Saved entries
+---+

(* Let $n\ge2$ and let $\eta$ be a unit vector in the algebraic linear span of $\{\xi_w:w\in\mathbb{F}_n^*\}$ in $F_n^2$. Then there are words $u,v\in\mathbb{F}_n^*$ such that $$L_uR_v\eta=L\xi_\varnothing=R\xi_\varnothing,$$ where $L$ is an isometry in $\mathcal{L}_n$ and $R$ is an isometry in $\mathcal{R}_n$ whose range is orthogonal to the range of $R_1$.
   Context: $F_n^2$ is the full Fock space over $\mathbb{C}^n$ with orthonormal basis $\{\xi_w:w\in\mathbb{F}_n^*\}$, where $\mathbb{F}_n^*$ is the unital free semigroup on letters $1,\dots,n$ with empty word $\varnothing$ ($\xi_\varnothing$ the vacuum vector). $L_i\xi_w=\xi_{iw}$, $R_i\xi_w=\xi_{wi}$; for $w=w_1\cdots w_k$, $L_w=L_{w_1}\cdots L_{w_k}$ and $R_w=R_{w_1}\cdots R_{w_k}$. $\mathcal{L}_n$ and $\mathcal{R}_n$ are the weakly closed unital algebras generated by $L_1,\dots,L_n$ and by $R_1,\dots,R_n$ respectively. *)

From Stdlib Require Import Reals Lra List Arith.
Import ListNotations.
Open Scope R_scope.

Record C := mkC { re : R; im : R }.
Definition C0 : C := mkC 0 0.
Definition C1 : C := mkC 1 0.
Definition RtoC (r : R) : C := mkC r 0.
Definition Cadd (a b : C) : C := mkC (re a + re b) (im a + im b).
Definition Copp (a : C) : C := mkC (- re a) (- im a).
Definition Csub (a b : C) : C := Cadd a (Copp b).
Definition Cmul (a b : C) : C :=
  mkC (re a * re b - im a * im b) (re a * im b + im a * re b).
Definition Cconj (a : C) : C := mkC (re a) (- im a).
Definition Cnorm2 (a : C) : R := re a * re a + im a * im a.
Definition Cabs (a : C) : R := sqrt (Cnorm2 a).
(* Let $A$ be a Dedekind domain. The following are equivalent: (1) $A$ has torsion divisor class group; (2) every overring of $A$ is a localization of $A$; (3) every overring of $A$ is well-centered on $A$; (4) there is no overring $B$ of $A$ with $B\neq A$, $B=A[b]$ for a single element $b$, and $\mathcal U(B)=\mathcal U(A)$.
   Context: An overring of $A$ is a subring of the field of fractions of $A$ containing $A$. $\mathcal U(R)$ is the unit group of a ring $R$. $B$ is well-centered on $A$ if for each $b\in B$ there is $u\in\mathcal U(B)$ with $ub\in A$. $B$ is a localization of $A$ if $B=S^{-1}A$ for a multiplicatively closed set $S$ of nonzero elements of $A$. *)

(* Rings are modelled as subrings of a fixed field K. *)
From mathcomp Require Import all_boot all_algebra.
Set Implicit Arguments. Unset Strict Implicit. Unset Printing Implicit Defensive.
Import GRing.Theory.
Local Open Scope ring_scope.

Section Defs.
Variable K : fieldType.

Definition subring (S : K -> Prop) : Prop :=
  [/\ S 0, S 1, (forall x y, S x -> S y -> S (x - y))
    & (forall x y, S x -> S y -> S (x * y))].

Definition is_frac_field (A : K -> Prop) : Prop :=
  forall x, exists a b, [/\ A a, A b, b != 0 & x = a / b].

Definition submod (A I : K -> Prop) : Prop :=
  [/\ I 0, (forall x y, I x -> I y -> I (x + y))
    & (forall a x, A a -> I x -> I (a * x))].

Definition ideal (A I : K -> Prop) : Prop :=
  submod A I /\ (forall x, I x -> A x).

Definition span (A : K -> Prop) (s : seq K) (x : K) : Prop :=
  exists c : 'I_(size s) -> K,
    (forall i, A (c i)) /\ x = \sum_(i < size s) c i * s`_i.

Definition noetherian (A : K -> Prop) : Prop :=
  forall I, ideal A I ->
    exists s : seq K, (forall y, y \in s -> A y) /\ forall x, I x <-> span A s x.

Definition integrally_closed (A : K -> Prop) : Prop :=
  forall x : K, (exists p : {poly K},
     [/\ p \is monic, (forall i, A p`_i) & root p x]) -> A x.

Definition prime_ideal (A P : K -> Prop) : Prop :=
  [/\ ideal A P, ~ P 1 & forall x y, A x -> A y -> P (x * y) -> P x \/ P y].

Definition maximal_ideal (A P : K -> Prop) : Prop :=
  [/\ ideal A P, ~ P 1 &
     forall J, ideal A J -> (forall x, P x -> J x) ->
       J 1 \/ (forall x, J x <-> P x)].

Definition dim_le1 (A : K -> Prop) : Prop :=
  forall P, prime_ideal A P -> (exists x, P x /\ x != 0) -> maximal_ideal A P.

Definition dedekind (A : K -> Prop) : Prop :=
  [/\ subring A, is_frac_field A, noetherian A, integrally_closed A & dim_le1 A].

Definition frac_ideal (A I : K -> Prop) : Prop :=
  [/\ submod A I, (exists x, I x /\ x != 0)
    & exists d, [/\ A d, d != 0 & forall x, I x -> A (d * x)]].

Definition idprod (I J : K -> Prop) (x : K) : Prop :=
  exists s : seq (K * K),
    (forall p, p \in s -> I p.1 /\ J p.2) /\ x = \sum_(p <- s) p.1 * p.2.

Fixpoint idpow (A I : K -> Prop) (n : nat) : K -> Prop :=
  match n with
  | 0 => A
  | n'.+1 => idprod (idpow A I n') I
  end.

Definition principal (A I : K -> Prop) : Prop :=
  exists y, forall x, I x <-> exists a, A a /\ x = a * y.

(* the (divisor = ideal) class group of A is torsion *)
Definition torsion_class_group (A : K -> Prop) : Prop :=
  forall I, frac_ideal A I -> exists n, (0 < n)%N /\ principal A (idpow A I n).

Definition overring (A B : K -> Prop) : Prop :=
  subring B /\ (forall x, A x -> B x).

Definition unit_in (R : K -> Prop) (u : K) : Prop :=
  [/\ R u, u != 0 & R u^-1].

Definition is_localization (A B : K -> Prop) : Prop :=
  exists S : K -> Prop,
    [/\ (forall s, S s -> A s /\ s != 0), S 1,
        (forall s t, S s -> S t -> S (s * t)) &
        forall x, B x <-> exists a s, [/\ A a, S s & x = a / s]].

Definition well_centered (A B : K -> Prop) : Prop :=
  forall b, B b -> exists u, unit_in B u /\ A (u * b).

Definition gen_by (A B : K -> Prop) (b : K) : Prop :=
  forall x, B x <-> exists p : {poly K}, (forall i, A p`_i) /\ x = p.[b].
Lemma pd_local (U : pt -> Prop) (h1 h2 : pt -> R) (i : nat) (p : pt) :
  open2 U -> U p -> (forall q, U q -> h1 q = h2 q) -> pd i h1 p = pd i h2 p.
Proof.
  intros HU Hp Heq. destruct (HU p Hp) as [r [Hr Hbox]].
  assert (Hnear : forall s, Rabs (s - coord i p) < r ->
                    h1 (coord_line i p s) = h2 (coord_line i p s)).
  { intros s Hs. apply Heq, Hbox; destruct i; simpl in *;
      rewrite ?Rminus_diag, ?Rabs_R0; auto. }
  destruct (classic (exists l, derivable_pt_lim (fun s => h1 (coord_line i p s)) (coord i p) l))
    as [[l H] | Hn].
  - rewrite (pd_unique _ _ _ l H). symmetry. apply pd_unique.
    exact (derivable_pt_lim_near _ _ _ _ _ Hr Hnear H).
  - rewrite (pd_undef _ _ _ Hn). symmetry. apply pd_undef.
    intros [l H]. apply Hn. exists l.
    apply (derivable_pt_lim_near (fun s => h2 (coord_line i p s)) _ _ r _ Hr);
      [intros; symmetry; auto | exact H].
Qed.

Lemma itd_app (w1 w2 : list nat) (f : pt -> R) : itd (w1 ++ w2) f = itd w1 (itd w2 f).
Proof. induction w1; simpl; congruence. Qed.

Lemma smooth_on_itd (U : pt -> Prop) (f : pt -> R) (w : list nat) :
  smooth_on U f -> smooth_on U (itd w f).
Proof. intros H w' p Hp. rewrite <- itd_app. apply H; auto. Qed.

Lemma smooth_on_pd_spec (U : pt -> Prop) (f : pt -> R) (i : nat) (p : pt) :
  smooth_on U f -> U p ->
  derivable_pt_lim (fun s => f (coord_line i p s)) (coord i p) (pd i f p).
Proof.
  intros H Hp. destruct (H nil p Hp) as [_ [[l0 H0] [l1 H1]]].
  destruct i as [|i]; [rewrite (pd_unique 0 f p l0 H0) | rewrite (pd_unique (S i) f p l1 H1)];
    assumption.
Qed.

Lemma continuity_2d_pt_of_continuous_at2 (g : pt -> R) (x y : R) :
  continuous_at2 g (x, y) -> continuity_2d_pt (fun u v => g (u, v)) x y.
Proof.
  intros H eps. destruct (H eps (cond_pos eps)) as [d [Hd Hc]].
  exists (mkposreal d Hd). intros u v Hu Hv. exact (Hc (u, v) Hu Hv).
Qed.

Lemma locally_2d_open2 (U : pt -> Prop) (x y : R) :
  open2 U -> U (x, y) -> locally_2d (fun u v => U (u, v)) x y.
Proof.
  intros HU Hp. destruct (HU _ Hp) as [r [Hr Hbox]].
  exists (mkposreal r Hr). intros u v Hu Hv. exact (Hbox (u, v) Hu Hv).
Qed.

+---+

*What to work on*
Find every line in the records above that holds the word "divisor", and copy each one.

*Exercise answer*
(* Let $A$ be a Dedekind domain. The following are equivalent: (1) $A$ has torsion divisor class group; (2) every overring of $A$ is a localization of $A$; (3) every overring of $A$ is well-centered on $A$; (4) there is no overring $B$ of $A$ with $B\neq A$, $B=A[b]$ for a single element $b$, and $\mathcal U(B)=\mathcal U(A)$.
(* the (divisor = ideal) class group of A is torsion *)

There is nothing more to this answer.